Task to carry out: Nothing may be dropped or altered: reproduce all the data.

Saved entries
= = = = = = =
Lemma comp_class1_G : class1 H -> class1 G.
Proof.
move=> H1; have /card_gt0P [[v0 _] _] := class1_card_gt0 H1.
case: H1 => -[cH pH] _; apply: (cubic_class1 cubG v0).
pose cG u v := if [pick p : M * M | H (u, p.1) (v, p.2)] is Some p
               then cH (u, p.1) (v, p.2) else ord0.
have cGE u v x y : u != v -> H (u, x) (v, y) -> cG u v = cH (u, x) (v, y).
  move=> uv Hxy; have [Guv _ _] := comp_across uv Hxy.
  by rewrite /cG (pick_cards1 (comp_link_card uv Guv) (x := (x, y))).
have cross_edge u v : G u v ->
    exists x y, [/\ u != v, H (u, x) (v, y) & partner (u, x) = (v, y)].
  move=> Guv; have uv := cubic_neq cubG Guv.
  have [[x y] Hxy] := cards1_witness (comp_link_card uv Guv).
  by exists x, y; rewrite (partner_eq (q := (v, y))) // eq_sym.
exists cG; split=> [u v | u v w] /cross_edge [x [y [uv Hxy Px]]].
  by rewrite (cGE _ _ _ _ uv Hxy) (cGE v u y x) 1?eq_sym 1?comp_sym //; apply: pH.1.
move=> /cross_edge [x' [y' [uw Hxy' Px']]] vw.
rewrite (cGE _ _ _ _ uv Hxy) (cGE _ _ _ _ uw Hxy') -Px -Px'.
have [_ portx _] := comp_across uv Hxy; have [_ portx' _] := comp_across uw Hxy'.
apply: contra vw => /eqP /(port_color_inj pH portx portx') xx'.
by move: Px; rewrite xx' Px' => -[->].
Qed.

Definition link u (x : M) : V := (partner (u, x)).1.

Lemma link_adj u x : port x -> G u (link u x).
Proof.
move/(partnerP u); rewrite /link; case: partner => w y /= [wu Hxy].
by rewrite eq_sym in wu; case: (comp_across wu Hxy).
Qed.

Lemma link_inj u : {in port &, injective (link u)}.
Proof.
move=> x y /(partnerP u) + /(partnerP u); rewrite /link.
case: (partner (u, x)) => w x'; case: (partner (u, y)) => w' y' /= [wu Hx] [_ Hy] ww'.
by subst w'; rewrite eq_sym in wu; case: (comp_link_unique wu Hx Hy).
Qed.

Section Recoloring.
Variables (cG : V -> V -> 'I_3) (cA : W -> W -> 'I_3).
Hypotheses (pG : proper_edge_coloring G cG) (pA : proper_edge_coloring A cA).

Definition port_perm u k : 'I_3 :=
  if [pick x | port x && (cA (val x) a == k)] is Some x then cG u (link u x) else k.

Lemma port_permE u x : port x -> port_perm u (cA (val x) a) = cG u (link u x).
Proof.
move=> portx; rewrite /port_perm; case: pickP => [y /andP [porty /eqP cyx] | none].
  congr (cG u (link u _)); apply: val_inj; apply: (color_inj pA (x := a)).
  1,2: by rewrite inE cubic_sym.
  by rewrite !(pA.1 a) // cubic_sym.
by have := none x; rewrite portx eqxx.
Qed.

Lemma port_of_color k : exists2 x, port x & cA (val x) a = k.
Proof.
have [y Aay cay] := color_surj cubA pA a k.
have ya : y != a by rewrite eq_sym (cubic_neq cubA Aay).
exists (exist _ y ya); first by rewrite /port /= cubic_sym.
by rewrite /= pA.1 // cubic_sym.
Qed.

Lemma port_perm_inj u : injective (port_perm u).
Proof.
move=> k k'; have [x portx <-] := port_of_color k; have [x' portx' <-] := port_of_color k'.
rewrite !port_permE // => /(color_inj pG); rewrite !inE !link_adj // => /(_ isT isT).
by move/(link_inj portx portx') ->.
Qed.

Definition comp_color (p q : V * M) : 'I_3 :=
  if p.1 == q.1 then port_perm p.1 (cA (val p.2) (val q.2)) else cG p.1 q.1.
= = = = = = =
Output for this exercise:
Lemma comp_class1_G : class1 H -> class1 G.
Proof.
move=> H1; have /card_gt0P [[v0 _] _] := class1_card_gt0 H1.
case: H1 => -[cH pH] _; apply: (cubic_class1 cubG v0).
pose cG u v := if [pick p : M * M | H (u, p.1) (v, p.2)] is Some p
               then cH (u, p.1) (v, p.2) else ord0.
have cGE u v x y : u != v -> H (u, x) (v, y) -> cG u v = cH (u, x) (v, y).
  move=> uv Hxy; have [Guv _ _] := comp_across uv Hxy.
  by rewrite /cG (pick_cards1 (comp_link_card uv Guv) (x := (x, y))).
have cross_edge u v : G u v ->
    exists x y, [/\ u != v, H (u, x) (v, y) & partner (u, x) = (v, y)].
  move=> Guv; have uv := cubic_neq cubG Guv.
  have [[x y] Hxy] := cards1_witness (comp_link_card uv Guv).
  by exists x, y; rewrite (partner_eq (q := (v, y))) // eq_sym.
exists cG; split=> [u v | u v w] /cross_edge [x [y [uv Hxy Px]]].
  by rewrite (cGE _ _ _ _ uv Hxy) (cGE v u y x) 1?eq_sym 1?comp_sym //; apply: pH.1.
move=> /cross_edge [x' [y' [uw Hxy' Px']]] vw.
rewrite (cGE _ _ _ _ uv Hxy) (cGE _ _ _ _ uw Hxy') -Px -Px'.
have [_ portx _] := comp_across uv Hxy; have [_ portx' _] := comp_across uw Hxy'.
apply: contra vw => /eqP /(port_color_inj pH portx portx') xx'.
by move: Px; rewrite xx' Px' => -[->].
Qed.

Definition link u (x : M) : V := (partner (u, x)).1.

Lemma link_adj u x : port x -> G u (link u x).
Proof.
move/(partnerP u); rewrite /link; case: partner => w y /= [wu Hxy].
by rewrite eq_sym in wu; case: (comp_across wu Hxy).
Qed.

Lemma link_inj u : {in port &, injective (link u)}.
Proof.
move=> x y /(partnerP u) + /(partnerP u); rewrite /link.
case: (partner (u, x)) => w x'; case: (partner (u, y)) => w' y' /= [wu Hx] [_ Hy] ww'.
by subst w'; rewrite eq_sym in wu; case: (comp_link_unique wu Hx Hy).
Qed.

Section Recoloring.
Variables (cG : V -> V -> 'I_3) (cA : W -> W -> 'I_3).
Hypotheses (pG : proper_edge_coloring G cG) (pA : proper_edge_coloring A cA).

Definition port_perm u k : 'I_3 :=
  if [pick x | port x && (cA (val x) a == k)] is Some x then cG u (link u x) else k.

Lemma port_permE u x : port x -> port_perm u (cA (val x) a) = cG u (link u x).
Proof.
move=> portx; rewrite /port_perm; case: pickP => [y /andP [porty /eqP cyx] | none].
  congr (cG u (link u _)); apply: val_inj; apply: (color_inj pA (x := a)).
  1,2: by rewrite inE cubic_sym.
  by rewrite !(pA.1 a) // cubic_sym.
by have := none x; rewrite portx eqxx.
Qed.

Lemma port_of_color k : exists2 x, port x & cA (val x) a = k.
Proof.
have [y Aay cay] := color_surj cubA pA a k.
have ya : y != a by rewrite eq_sym (cubic_neq cubA Aay).
exists (exist _ y ya); first by rewrite /port /= cubic_sym.
by rewrite /= pA.1 // cubic_sym.
Qed.

Lemma port_perm_inj u : injective (port_perm u).
Proof.
move=> k k'; have [x portx <-] := port_of_color k; have [x' portx' <-] := port_of_color k'.
rewrite !port_permE // => /(color_inj pG); rewrite !inE !link_adj // => /(_ isT isT).
by move/(link_inj portx portx') ->.
Qed.

Definition comp_color (p q : V * M) : 'I_3 :=
  if p.1 == q.1 then port_perm p.1 (cA (val p.2) (val q.2)) else cG p.1 q.1.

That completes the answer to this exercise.